ASSIGNMENT
For the string "leqNgt", find every matching line in the records and copy it.

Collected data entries
Lemma detf_horner {R : comNzRingType} n (G : nat -> nat -> {poly R}) x :
  (detf n G).[x] = detf n (fun i j => (G i j).[x]).
Proof.
rewrite /detf -[LHS]/(horner_eval x _) -det_map_mx; congr (\det _).
by apply/matrixP => i j; rewrite !mxE.
Qed.

(* Perturbing the leading block by 'X makes its determinant a characteristic
   polynomial, hence nonzero; evaluating at 0 recovers F. *)
Lemma desnanot_jacobi {R : idomainType} n (F : nat -> nat -> R) :
  detf n.+2 F * detf n F = bordered_minor n F 0 0 * bordered_minor n F 1 1
                           - bordered_minor n F 0 1 * bordered_minor n F 1 0.
Proof.
pose FX i j : {poly R} := (F i j)%:P + (if (i == j) && (i < n)%N then 'X else 0).
have detFX_neq0 : detf n FX != 0.
  have -> : detf n FX = char_poly (- \matrix_(i < n, j < n) F i j).
    rewrite /detf /char_poly /char_poly_mx; congr (\det _).
    apply/matrixP => i j; rewrite !mxE /FX ltn_ord andbT polyCN opprK addrC.
    by case: (i == j :> nat) (val_eqE i j) => <-.
  exact/monic_neq0/char_poly_monic.
have FX0 i j : (FX i j).[0] = F i j.
  by rewrite /FX hornerD hornerC; case: ifP; rewrite ?hornerX ?horner0 addr0.
have detFX0 m : (detf m FX).[0] = detf m F.
  by rewrite detf_horner; apply: eq_detf => *; apply: FX0.
have minorFX0 r c : (bordered_minor n FX r c).[0] = bordered_minor n F r c.
  by rewrite detf_horner; apply: eq_detf => *; apply: FX0.
have := congr1 (horner^~ 0) (desnanot_jacobi_neq0 detFX_neq0).
by rewrite /= !hornerE !detFX0 !minorFX0.
Qed.

Definition swap_next (m j : nat) := if j == m then m.+1 else if j == m.+1 then m else j.

Definition cycle_prefix (m j : nat) := if (j < m)%N then j.+1 else if j == m then 0%N else j.

Lemma detf_col_swap {R : comNzRingType} {n m} (H : nat -> nat -> R) : (m.+1 < n)%N ->
  detf n (fun i j => H i (swap_next m j)) = - detf n H.
Proof.
move=> lt_m1n; have lt_mn := ltnW lt_m1n.
pose j1 := Ordinal lt_mn; pose j2 := Ordinal lt_m1n.
have -> : detf n (fun i j => H i (swap_next m j)) =
          \det (xcol j1 j2 (\matrix_(i, j) H i j)).
  rewrite /detf; congr (\det _); apply/matrixP => i j; rewrite !mxE /swap_next.
  case: tpermP => [->|->|/eqP ne1 /eqP ne2] /=; rewrite ?eqxx ?(gtn_eqF (ltnSn m)) //.
  by move: ne1 ne2; rewrite -!val_eqE /= => /negPf -> /negPf ->.
rewrite xcolE det_mulmx det_perm odd_tperm.
have -> : j1 != j2 by rewrite -val_eqE /= neq_ltn ltnSn.
by rewrite expr1 mulrN1.
Qed.

Lemma detf_col_cycle {R : comNzRingType} {n m} (G : nat -> nat -> R) : (m < n)%N ->
  detf n (fun i j => G i (cycle_prefix m j)) = (-1) ^+ m * detf n G.
Proof.
elim: m => [|m IHm] lt_mn.
  by rewrite mul1r; apply: eq_detf => i j _ _; rewrite /cycle_prefix; case: eqP => [->|].
have cycleS j : cycle_prefix m.+1 j = cycle_prefix m (swap_next m j).
  by rewrite /cycle_prefix /swap_next; repeat case: ifP; lia.
transitivity (detf n (fun i j => G i (cycle_prefix m (swap_next m j)))).
  by apply: eq_detf => i j _ _; rewrite cycleS.
rewrite (detf_col_swap (fun i j => G i (cycle_prefix m j))) // IHm 1?ltnW //.
by rewrite exprS mulN1r mulNr.
Qed.

Lemma detf_col_delta0 {R : comNzRingType} {n} (H : nat -> nat -> R) :
  detf n.+1 (fun i j => if j == n then (i == 0%N)%:R else H i j) =
  (-1) ^+ n * detf n (fun i j => H i.+1 j).
Proof.
rewrite /detf (expand_det_col _ ord_max) big_ord_recl big1 ?addr0.
  rewrite !mxE /= eqxx mul1r /cofactor add0n; congr (_ * \det _).
  apply/matrixP => i j; rewrite !mxE /= /bump /= leqNgt ltn_ord /= add0n.
  by rewrite (ltn_eqF (ltn_ord j)).
by move=> i _; rewrite !mxE /= eqxx mul0r.
Qed.

(* Desnanot-Jacobi with respect to the last two rows and the first and last
   columns; cycling column 0 to position m reduces it to [desnanot_jacobi]. *)
Lemma desnanot_jacobi_outer_cols {R : idomainType} (a : nat -> nat -> R) m :
  detf m.+1 a * detf m.+1 (fun i j => a (bump m i) j.+1)
  - detf m.+1 (fun i j => a (bump m i) j) * detf m.+1 (fun i j => a i j.+1)
  = detf m (fun i j => a i j.+1) * detf m.+2 a.
Proof.
pose b i j := a i (cycle_prefix m j).
have cycle_bump j : (j < m.+1)%N -> cycle_prefix m (bump m j) = j.+1.
  by rewrite /cycle_prefix /bump; repeat case: ifP; lia.
have := desnanot_jacobi m b.
have -> : detf m.+2 b = (-1) ^+ m * detf m.+2 a by apply: detf_col_cycle.
have -> : detf m b = detf m (fun i j => a i j.+1).
  by apply: eq_detf => i j _ lt_jm; rewrite /b /cycle_prefix lt_jm.
have -> : bordered_minor m b 0 0 = (-1) ^+ m * detf m.+1 a.
  rewrite -detf_col_cycle //; apply: eq_detf => i j lt_i lt_j.
  by rewrite /b !border_index0.
have -> : bordered_minor m b 1 0 = (-1) ^+ m * detf m.+1 (fun i j => a (bump m i) j).
  rewrite -(detf_col_cycle (fun i j => a (bump m i) j)) //.
  apply: eq_detf => i j lt_i lt_j.
  by rewrite /b border_index1 // border_index0.
have -> : bordered_minor m b 0 1 = detf m.+1 (fun i j => a i j.+1).
  apply: eq_detf => i j lt_i lt_j.
  by rewrite /b border_index0 // border_index1 // cycle_bump.
have -> : bordered_minor m b 1 1 = detf m.+1 (fun i j => a (bump m i) j.+1).
  apply: eq_detf => i j lt_i lt_j.
  by rewrite /b !border_index1 // cycle_bump.
have sign_neq0 : (-1) ^+ m != 0 :> R by rewrite signr_eq0.
move=> DJ; apply: (mulfI sign_neq0).
by rewrite [RHS]mulrCA [RHS]mulrC DJ; ring.
Qed.

(* Three-term relation between the maximal minors of an (n+3) x (n+2) array:
   Desnanot-Jacobi for the square array obtained by appending the column e_0. *)
Lemma plucker_rows {R : idomainType} (a : nat -> nat -> R) n :
  detf n.+1 (fun i j => a i.+1 j) * detf n.+2 (fun i j => a (bump n.+1 i) j)
  - detf n.+1 (fun i j => a (bump n i).+1 j) * detf n.+2 a
  = detf n.+1 a * detf n.+2 (fun i j => a i.+1 j).
Proof.
pose F i j := if j == n.+2 then (i == 0%N)%:R else a i j.
have F_col j : (j < n.+2)%N -> forall i, F i j = a i j.
  by move=> lt_j i; rewrite /F ifF //; lia.
have F_bump i j : (j < n.+2)%N ->
    F i (bump n.+1 j) = if j == n.+1 then (i == 0%N)%:R else a i j.
  move=> lt_j; rewrite /F /bump.
  have [->|ne_j] := eqVneq j n.+1; first by rewrite leqnn eqxx.
  have -> : (n.+1 <= j)%N = false by lia.
  by rewrite add0n !ifF //; lia.
have := desnanot_jacobi n.+1 F.
rewrite [detf n.+3 F]detf_col_delta0.
have -> : detf n.+1 F = detf n.+1 a.
  by apply: eq_detf => i j _ lt_j; rewrite F_col //; lia.
have -> : bordered_minor n.+1 F 0 0 = detf n.+2 a.
  by apply: eq_detf => i j lt_i lt_j; rewrite !border_index0 // F_col.
have -> : bordered_minor n.+1 F 1 0 = detf n.+2 (fun i j => a (bump n.+1 i) j).
  by apply: eq_detf => i j lt_i lt_j; rewrite border_index1 // border_index0 // F_col.
have -> : bordered_minor n.+1 F 0 1 = (-1) ^+ n.+1 * detf n.+1 (fun i j => a i.+1 j).
  rewrite -detf_col_delta0; apply: eq_detf => i j lt_i lt_j.
  by rewrite border_index0 // border_index1 // F_bump.
have -> : bordered_minor n.+1 F 1 1 =
          (-1) ^+ n.+1 * detf n.+1 (fun i j => a (bump n i).+1 j).
  transitivity ((-1) ^+ n.+1 * detf n.+1 (fun i j => a (bump n.+1 i.+1) j)).
    rewrite -(detf_col_delta0 (fun i j => a (bump n.+1 i) j)).
    apply: eq_detf => i j lt_i lt_j; rewrite !border_index1 // F_bump //.
    by case: i lt_i => [|i] _ //; rewrite bumpS.
  by congr (_ * _); apply: eq_detf => i j _ _; rewrite bumpS.
have sign_neq0 : (-1) ^+ n.+1 != 0 :> R by rewrite signr_eq0.
rewrite exprS mulN1r !mulNr => /(congr1 -%R); rewrite opprK => DJ.
by apply: (mulfI sign_neq0); rewrite [RHS]mulrCA [RHS]mulrC DJ; ring.
Qed.

Section DeriveDet.
Variables (R : realType) (V : normedModType R).

Lemma is_derive_sum_seq (W : normedModType R) (I : Type) (r : seq I)
    (h : I -> V -> W) (dh : I -> W) (x v : V) :
  (forall i, is_derive x v (h i) (dh i)) ->
  is_derive x v (fun y => \sum_(i <- r) h i y) (\sum_(i <- r) dh i).
Proof.
move=> hdh; elim: r => [|i r IHr].
  by rewrite big_nil; under eq_fun do rewrite big_nil; apply: is_derive_cst.
by rewrite big_cons; under eq_fun do rewrite big_cons; apply: is_deriveD.
Qed.

Lemma is_derive_prod n (h : 'I_n -> V -> R) (dh : 'I_n -> R) (x v : V) :
  (forall i, is_derive x v (h i) (dh i)) ->
  is_derive x v (fun y => \prod_(i < n) h i y)
    (\sum_(k < n) \prod_(i < n) (if i == k then dh i else h i x)).
Proof.
elim: n h dh => [|n IHn] h dh hdh.
  by rewrite big_ord0; under eq_fun do rewrite big_ord0; apply: is_derive_cst.
under eq_fun do rewrite big_ord_recr.
have := is_deriveM (IHn _ (fun i => dh (widen_ord (leqnSn n) i)) (fun i => hdh _))
                   (hdh ord_max).
move/is_derive_eq; apply.
have neq_max (i : 'I_n) : (widen_ord (leqnSn n) i == ord_max) = false.
  by apply/negbTE; rewrite -val_eqE /= neq_ltn ltn_ord.
rewrite big_ord_recr /= big_ord_recr /= eqxx addrC; congr (_ + _).
  by rewrite /GRing.scale /=; congr (_ * _); apply: eq_bigr => i _; rewrite neq_max.
rewrite /GRing.scale /= mulrC big_distrl /=; apply: eq_bigr => k _.
by rewrite big_ord_recr /= eq_sym neq_max.
Qed.

Lemma is_derive_detf n (F : nat -> nat -> V -> R) (dF : nat -> nat -> R) (x v : V) :
  (forall i j, is_derive x v (F i j) (dF i j)) ->
  is_derive x v (fun y => detf n (fun i j => F i j y))
    (\sum_(k < n) detf n (fun i j => if i == k then dF i j else F i j x)).
Proof.
move=> FdF.
have -> : (fun y => detf n (fun i j => F i j y)) =
    (fun y => \sum_(s : 'S_n) (-1) ^+ s * \prod_(i < n) F i (s i) y).
  apply/funext => y; rewrite /detf /determinant; apply: eq_bigr => s _.
  by congr (_ * _); apply: eq_bigr => i _; rewrite mxE.
apply: is_derive_eq.
  apply: is_derive_sum_seq => s; apply: is_deriveZ.
  by apply: (@is_derive_prod _ (fun i => F i (s i))) => i; apply: FdF.
under eq_bigr do rewrite /GRing.scale /= big_distrr.
rewrite exchange_big /=; apply: eq_bigr => k _.
rewrite /detf /determinant /=; apply: eq_bigr => s _.
by congr (_ * _); apply: eq_bigr => i _; rewrite mxE -val_eqE.
Qed.

End DeriveDet.

(* Differentiating row k < m of a Wronskian duplicates row k + 1, so only the
   term of the last row survives. *)
Lemma derive1_wronskian {R : realType} (y : nat -> R -> R) m t :
  (forall r c, derivable (derive1n r (y c)) t 1) ->
  derive1 (wronskian y m) t = detf m.+1 (fun i j => derive1n (bump m i) (y j) t).
Proof.
move=> y_smooth; rewrite derive1E.
have D : is_derive t 1 (wronskian y m)
    (\sum_(k < m.+1) detf m.+1 (fun i j => if i == k then derive1n i.+1 (y j) t
                                          else derive1n i (y j) t)).
  apply: (@is_derive_detf _ _ m.+1 (fun i j => derive1n i (y j))) => i j.
  by rewrite derive1nS derive1E; apply: derivableP.
rewrite derive_val big_ord_recr /= big1 ?add0r.
  apply: eq_detf => i j lt_im _; rewrite /bump.
  case: eqP => [->|/eqP ne_im]; first by rewrite leqnn.
  by rewrite leqNgt ltn_neqAle ne_im -ltnS lt_im.
move=> k _; have lt_k1 : (k.+1 < m.+1)%N by rewrite ltnS ltn_ord.
rewrite /detf (@determinant_alternate _ _ _ (widen_ord (leqnSn m) k) (Ordinal lt_k1)) //.
  by rewrite -val_eqE /= neq_ltn ltnSn.
by move=> j; rewrite !mxE /= eqxx (gtn_eqF (ltnSn k)).
Qed.

Lemma wronskian_derive1 {R : realType} (y : nat -> R -> R) m :
  wronskian (fun c => derive1 (y c)) m =
  (fun t => detf m.+1 (fun i j => derive1n i.+1 (y j) t)).
Proof.
apply/funext => t; congr (\det _).
by apply/matrixP => i j; rewrite !mxE derive1Sn.
Qed.

Section WronskianIdentities.
Variables (R : realType) (y : nat -> R -> R) (t : R).
Hypothesis y_smooth : forall r c, derivable (derive1n r (y c)) t 1.

Lemma wronskian_shift_identity m :
  wronskian y m t * derive1 (wronskian (fun c => y c.+1) m) t
  - derive1 (wronskian y m) t * wronskian (fun c => y c.+1) m t
  = detf m (fun i j => derive1n i (y j.+1) t) * wronskian y m.+1 t.
Proof.
rewrite !derive1_wronskian //.
exact: (desnanot_jacobi_outer_cols (fun r c => derive1n r (y c) t)).
Qed.

Lemma wronskian_derive_identity m :
  wronskian (fun c => derive1 (y c)) m t * derive1 (wronskian y m.+1) t
  - derive1 (wronskian (fun c => derive1 (y c)) m) t * wronskian y m.+1 t
  = wronskian y m t * wronskian (fun c => derive1 (y c)) m.+1 t.
Proof.
rewrite !derive1_wronskian //; last by move=> r c; rewrite -derive1Sn.
rewrite !wronskian_derive1.
have -> : detf m.+1 (fun i j => derive1n (bump m i) (derive1 (y j)) t) =
          detf m.+1 (fun i j => derive1n (bump m i).+1 (y j) t).
  by apply: eq_detf => i j _ _; rewrite derive1Sn.
exact: (plucker_rows (fun r c => derive1n r (y c) t)).
Qed.

End WronskianIdentities.

Section WronskianSequence.
Variables (R : realType) (p : nat) (f : nat -> R -> R).

Lemma ffun_le0 (z : int) : z <= 0 -> ffun p f z = fun _ => 1.
Proof. by case: z => [[|n]|n]. Qed.

Lemma ffun_wronskian m k : (k <= p)%N ->
  ffun p f (m * p.+1 + k)%N.+1 = wronskian (fun c => gfun p f (k.+1 + c)%N) m.
Proof. by move=> le_kp; rewrite /ffun divnMDl // modnMDl modn_small // divn_small // addn0. Qed.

FINISHED EXERCISE
  apply/matrixP => i j; rewrite !mxE /= /bump /= leqNgt ltn_ord /= add0n.
  by rewrite leqNgt ltn_neqAle ne_im -ltnS lt_im.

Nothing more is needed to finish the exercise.